GrendelFish (gfish) wrote,


As some of you know, the Royal Observatory Greenwich is hosting Longitude Punk'd, an art exhibit featuring a steampunk take on the Longitude Prize and some of the less-than-practical inventions it inspired. Part of this was an open competition for entries, which I obviously had to enter. I mean, one of my favorite places on Earth, asking for works in my particular artistic niche, inspired by one of my favorite corners of history? If it was any more tailored to me, I'd be afraid it was a trap.

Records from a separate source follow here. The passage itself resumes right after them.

Corollary abs_cont_deriv_affine (f : R -> R) c d m (Z : R -> Prop) : c <= d ->
  abs_cont_on f c d -> null_set Z ->
  (forall u, c <= u <= d -> ~ Z u -> derivable_pt_lim f u m) -> f d = f c + m * (d - c).
Proof.
move=> cd acf nullZ f'm.
suff : f d + - m * d = f c + - m * c by lra.
apply: (abs_cont_deriv0_const (g := fun s => f s + - m * s) cd _ nullZ).
  apply: (abs_cont_on_plus acf (abs_cont_on_lipschitz (f := fun s => - m * s) c d (Rabs_pos m) _)).
  by move=> u v /=; rewrite -Rabs_mult -Rabs_Ropp; apply: Req_le; congr Rabs; ring.
move=> u ud notZ; rewrite -(Rplus_opp_r m) -[X in _ + X]Rmult_1_r.
exact: (derivable_pt_lim_plus f (mult_real_fct (- m) id) _ _ _ (f'm u ud notZ)
          (derivable_pt_lim_scal id (- m) u 1 (derivable_pt_lim_id u))).
Qed.

(** * The jump map *)

(* The graph of the hull [Gjump] when agent [i] fires, described pointwise. *)
Definition fires (N : nat) (r : 'I_N -> R) (phi : rel 'I_N) (i : 'I_N) (tau g : 'I_N -> R) :=
  tau i = 1 /\ g i = 0 /\ forall j, j <> i ->
    (phi i j -> (g j = 0 \/ g j = 1) /\ (tau j < r j -> g j = 0) /\ (r j < tau j -> g j = 1)) /\
    (~~ phi i j -> g j = tau j).

Section JumpMap.
Variables (N : nat) (r : 'I_N -> R) (phi : rel 'I_N).

Definition G0_at (i : 'I_N) (tau g : 'I_N -> R) :=
  tau i = 1 /\ g i = 0 /\ forall j, j <> i -> Defs.Rset r phi i j tau (g j).

Definition near_graph (eps : R) (tau g tau' g' : 'I_N -> R) :=
  forall j, Rabs (tau' j - tau j) < eps /\ Rabs (g' j - g j) < eps.

Lemma Rset_fired i j tau y : phi i j -> Defs.Rset r phi i j tau y ->
  (y = 0 \/ y = 1) /\ (tau j < r j -> y = 0) /\ (r j < tau j -> y = 1).
Proof. by rewrite /Defs.Rset => ->; lra. Qed.

Lemma fires_of_near_G0_at i tau g :
  (forall eps, 0 < eps -> exists tau' g', near_graph eps tau g tau' g' /\ G0_at i tau' g') ->
  fires r phi i tau g.
Proof.
move=> near.
have from_near x y e0 : 0 < e0 ->
    (forall eps tau' g', 0 < eps < e0 -> near_graph eps tau g tau' g' -> G0_at i tau' g' ->
       Rabs (x - y) <= eps * 2) -> x = y.
  move=> e00 bound; apply: (Req_of_abs_small e00 (K := 2)) => [|e e_bd]; first lra.
  by have [tau' [g' [near_e G0e]]] := near e (proj1 e_bd); apply: bound near_e G0e.
split; last split.
- apply: (from_near _ _ 1) => [|eps tau' g' _ near_e [taui _]]; first lra.
  by have [] := near_e i; rewrite taui; split_Rabs; lra.
- apply: (from_near _ _ 1) => [|eps tau' g' _ near_e [_ [gi _]]]; first lra.
  by have [_] := near_e i; rewrite gi; split_Rabs; lra.
move=> j ji; split=> [phi_ij | notphi_ij]; last first.
  apply: (from_near _ _ 1) => [|eps tau' g' _ near_e [_ [_ G0j]]]; first lra.
  move: (G0j j ji) (near_e j); rewrite /Defs.Rset (negbTE notphi_ij) => ->.
  by split_Rabs; lra.
split; last split.
- apply: NNPP => not01.
  have e0 : 0 < Rmin (Rabs (g j)) (Rabs (g j - 1)).
    by apply: Rmin_glb_lt; apply: Rabs_pos_lt => ?; apply: not01; lra.
  have [tau' [g' [near_e [_ [_ G0j]]]]] := near _ e0.
  have [_] := near_e j; have := Rmin_l (Rabs (g j)) (Rabs (g j - 1)).
  have := Rmin_r (Rabs (g j)) (Rabs (g j - 1)).
  by have [[-> | ->] _] := Rset_fired phi_ij (G0j j ji); split_Rabs; lra.
- move=> tr; apply: (from_near _ _ (r j - tau j)) => [|eps tau' g' eps_bd near_e [_ [_ G0j]]].
    lra.
  have [tau'j g'j] := near_e j; have [_ [g'0 _]] := Rset_fired phi_ij (G0j j ji).
  by rewrite g'0 in g'j; [split_Rabs; lra | split_Rabs; lra].
- move=> rt; apply: (from_near _ _ (tau j - r j)) => [|eps tau' g' eps_bd near_e [_ [_ G0j]]].
    lra.
  have [tau'j g'j] := near_e j; have [_ [_ g'1]] := Rset_fired phi_ij (G0j j ji).
  by rewrite g'1 in g'j; [split_Rabs; lra | split_Rabs; lra].
Qed.

Lemma Gjump_fires tau g : Gjump r phi tau g -> exists i, fires r phi i tau g.
Proof.
move=> Gtg; apply: NNPP => nofire.
have far i : exists e, 0 < e /\
    forall tau' g', near_graph e tau g tau' g' -> ~ G0_at i tau' g'.
  apply: NNPP => close; apply: nofire; exists i; apply: fires_of_near_G0_at => eps eps0.
  apply: NNPP => none; apply: close; exists eps; split=> // tau' g' near_e G0e.
  by apply: none; exists tau', g'.
pose e i := proj1_sig (constructive_indefinite_description _ (far i)).
have [e0 e_far] : (forall i, 0 < e i) /\
    forall i tau' g', near_graph (e i) tau g tau' g' -> ~ G0_at i tau' g'.
  by split=> i; have [] := proj2_sig (constructive_indefinite_description _ (far i)).
have [tau' [g' [near_m [_ [i G0i]]]]] := Gtg _ (bigRmin_pos e0).
apply: (e_far i tau' g') G0i => j; have := bigRmin_le e i; have := near_m j; lra.
Qed.

Lemma Gjump_nonempty (tau : 'I_N -> R) i : in_unit_cube tau -> tau i = 1 ->
  exists g, Gjump r phi tau g.
Proof.
move=> tau01 taui.
pose g j := if j == i then 0
  else if phi i j then (if Rlt_dec (tau j) (r j) then 0 else 1) else tau j.
exists g => eps eps0; exists tau, g.
split; first by move=> j; rewrite !Rminus_diag Rabs_R0.
split; first by split=> //; exists i.
exists i; split=> //; rewrite /g eqxx; split=> // j ji; rewrite (introF eqP ji) /Defs.Rset.
case: (phi i j) => //; case: Rlt_dec => tr /=; first by left; have := tau01 j; lra.
have [rt | rt] := Rle_lt_or_eq_dec _ _ (Rnot_lt_le _ _ tr); right; [right | left]; last lra.
by have := tau01 j; lra.
Qed.

End JumpMap.

Lemma fires_cube (N : nat) (r : 'I_N -> R) phi i tau g :
  in_unit_cube tau -> fires r phi i tau g -> in_unit_cube g.
Proof.
move=> tau01 [_ [gi fire_j]] j; have [-> | ji] := eqVneq j i; first by rewrite gi; lra.
have [fired unfired] := fire_j j (elimN eqP ji).
case phi_ij: (phi i j); first by have [[->|->] _] := fired phi_ij; lra.
by rewrite unfired ?phi_ij //; apply: tau01.
Qed.

Lemma fires_Rmin_le (N : nat) (r : 'I_N -> R) phi i x g a rho :
  0 < rho -> (forall b, rho <= r b) -> in_unit_cube x ->
  fires r phi i x g -> a <> i -> Rmin (g a) rho <= Rmin (x a) rho.
Proof.
move=> rho0 rho_r x01 [_ [_ fire_a]] ai; have [fired unfired] := fire_a a ai.
have := x01 a.
have := rho_r a; case phi_ia: (phi i a); last by rewrite unfired ?phi_ia //; lra.
have [[-> | ga1] [low _]] := fired phi_ia; first by rewrite /Rmin; repeat case: Rle_dec; lra.
have : r a <= x a by apply: Rnot_lt_le => /low; lra.
by rewrite ga1 /Rmin; repeat case: Rle_dec; lra.
Qed.

Lemma fires_unchanged (N : nat) (r : 'I_N -> R) phi i x g a : 0 < r a < 1 ->
  fires r phi i x g -> a <> i -> (phi i a -> x a = 0 \/ x a = 1) -> g a = x a.
Proof.
move=> ra [_ [_ fire_a]] ai x01; have [fired unfired] := fire_a a ai.
case phi_ia: (phi i a); last by rewrite unfired ?phi_ia.
by have [[-> | ->] [low high]] := fired phi_ia; case: (x01 phi_ia) => xa;
  rewrite xa in low high *; [| have := high ltac:(lra) | have := low ltac:(lra) |]; lra.
Qed.

(** * Synchronisation along a run *)

Lemma le_floor_inv_succ (c : nat) rho : 0 < rho -> INR c * rho <= 1 + rho ->
  (c <= Z.to_nat (Int_part (/ rho)) + 1)%N.
Proof.
move=> rho0 c_rho.
have c_le : INR c <= / rho + 1.
  have -> : / rho + 1 = (1 + rho) / rho by field; lra.
  have -> : INR c = INR c * rho / rho by field; lra.
  by apply: Rmult_le_compat_r => //; left; apply: Rinv_0_lt_compat.
have [floor_le floor_gt] := base_Int_part (/ rho).
have floor0 : (0 <= Int_part (/ rho))%Z.
  have : (-1 < Int_part (/ rho))%Z by apply: lt_IZR; have := Rinv_0_lt_compat rho rho0; lra.
  by lia.
have floorE : IZR (Int_part (/ rho)) = INR (Z.to_nat (Int_part (/ rho))).
  by rewrite INR_IZR_INZ Znat.Z2Nat.id.
suff /INR_lt /ltP : INR c < INR (Z.to_nat (Int_part (/ rho)) + 2) by lia.
by rewrite plus_INR -floorE (_ : INR 2 = 2); [lra | rewrite /=; ring].
Qed.

Lemma sum_le_except (I : finType) (c : I -> nat) (m : nat) (p : I) :
  (forall a, (c a <= m)%N) -> c p = 0%N -> ((\sum_(a : I) c a) + m <= #|I| * m)%N.
Proof.
move=> cm cp; have := sum_nat_const I m; rewrite (bigD1 p) //= => <-.
by rewrite (bigD1 p) //= cp add0n addnC leq_add2l; exact: leq_sum.
Qed.

(* [u] and [v] are the same point of the circle [0, 1] / (0 ~ 1). *)
Definition phase_eq (u v : R) := u = v \/ ((u = 0 \/ u = 1) /\ (v = 0 \/ v = 1)).

Definition synced (N : nat) (istar : 'I_N) (S : 'I_N -> Prop) (z : 'I_N -> R) :=
  forall a, S a -> phase_eq (z a) (z istar).

Lemma synced_shift (N : nat) (istar : 'I_N) S (z z' : 'I_N -> R) c : 0 <= c ->
  in_unit_cube z' -> (forall j, z' j = z j + c) -> synced istar S z -> synced istar S z'.
Proof.
move=> c0 cube' shift sync a Sa; rewrite !shift.
have := cube' a; have := cube' istar; rewrite !shift.
case: (sync a Sa) => [-> | [za zi]]; first by left.
have [-> | c_pos] := Req_dec c 0; first by rewrite !Rplus_0_r; right.
by left; lra.
Qed.

Lemma synced_all_As (N : nat) (istar : 'I_N) (z : 'I_N -> R) :
  in_unit_cube z -> synced istar (fun _ => True) z -> in_As z.
Proof.
move=> cube sync; have [zi01 | zi_in] := classic (z istar = 0 \/ z istar = 1).
  by right=> a; case: (sync a I) => [-> | [? _]].
left; exists (z istar); split; first exact: cube.
by move=> a; case: (sync a I) => [-> | [_ ?]].
Qed.

(* A discrete record of a solution: [y k] and [x k] are the phases at the start
   and at the end of the [k]-th flow interval, of length [d k]. *)
Record phase_run (N : nat) (r : 'I_N -> R) (T : R) (xi : nat -> rel 'I_N)
    (y x : nat -> 'I_N -> R) (d : nat -> R) (fire : nat -> 'I_N) (J : nat) : Prop := {
  run_flow : forall k, (k <= J)%N -> forall j, x k j = y k j + d k / T;
  run_duration : forall k, (k <= J)%N -> 0 <= d k;
  run_cube_start : forall k, (k <= J)%N -> in_unit_cube (y k);
  run_cube_end : forall k, (k <= J)%N -> in_unit_cube (x k);
  run_fires : forall k, (k < J)%N -> fires r (xi k) (fire k) (x k) (y k.+1) }.

Lemma phase_run_shift N r T xi y x d fire J K0 J' :
  @phase_run N r T xi y x d fire J -> (K0 + J' <= J)%N ->
  phase_run r T (fun k => xi (K0 + k)%N) (fun k => y (K0 + k)%N) (fun k => x (K0 + k)%N)
    (fun k => d (K0 + k)%N) (fun k => fire (K0 + k)%N) J'.
Proof.
move=> [flow dur cube_y cube_x jump] KJ.
split=> k kJ'; [apply: flow | apply: dur | apply: cube_y | apply: cube_x |]; try lia.
by rewrite addnS; apply: jump; lia.
Qed.

Section Run.
Variables (N : nat) (E : rel 'I_N) (r : 'I_N -> R) (T : R) (xi : nat -> rel 'I_N)
  (istar : 'I_N) (y x : nat -> 'I_N -> R) (d : nat -> R) (fire : nat -> 'I_N) (J : nat).
Hypotheses (T0 : 0 < T) (r01 : forall i, 0 < r i < 1) (run : phase_run r T xi y x d fire J).

Lemma synced_flow S k : (k <= J)%N -> synced istar S (y k) -> synced istar S (x k).
Proof.
move=> kJ; apply: synced_shift (run_cube_end run kJ) (run_flow run kJ).
exact: Rmult_le_pos (run_duration run kJ) (Rlt_le _ _ (Rinv_0_lt_compat T T0)).
Qed.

Part of the reason (I think) was to promote the archive of all the correspondence of the Board of the Longitude, and entrants were encouraged to take inspiration from actual proposals. After poking around, I settled on Samuel Parlour's 1824 "apparatus to render a telescope manageable on shipboard", which was itself a reinvention of Galileo's celatone concept. I bought an antique spyglass and a large chunk of brass off eBay, and started work in late December. The work went pretty fast, making extensive use of my new lathe. I'm comfortable saying it's my best work ever for a piece of this scale.

(Full photoset here.)

And... I just found out it was accepted. Sometime in April I'll be taking it to London, where it will go on display for the rest of the year. Along with, you know, the Harrison Chronometers. In Flamsteed House. On the Prime Meridian. I can't even begin to wrap my head around that. Remind me to keep putting in applications to ridiculous things. It works far more than it should.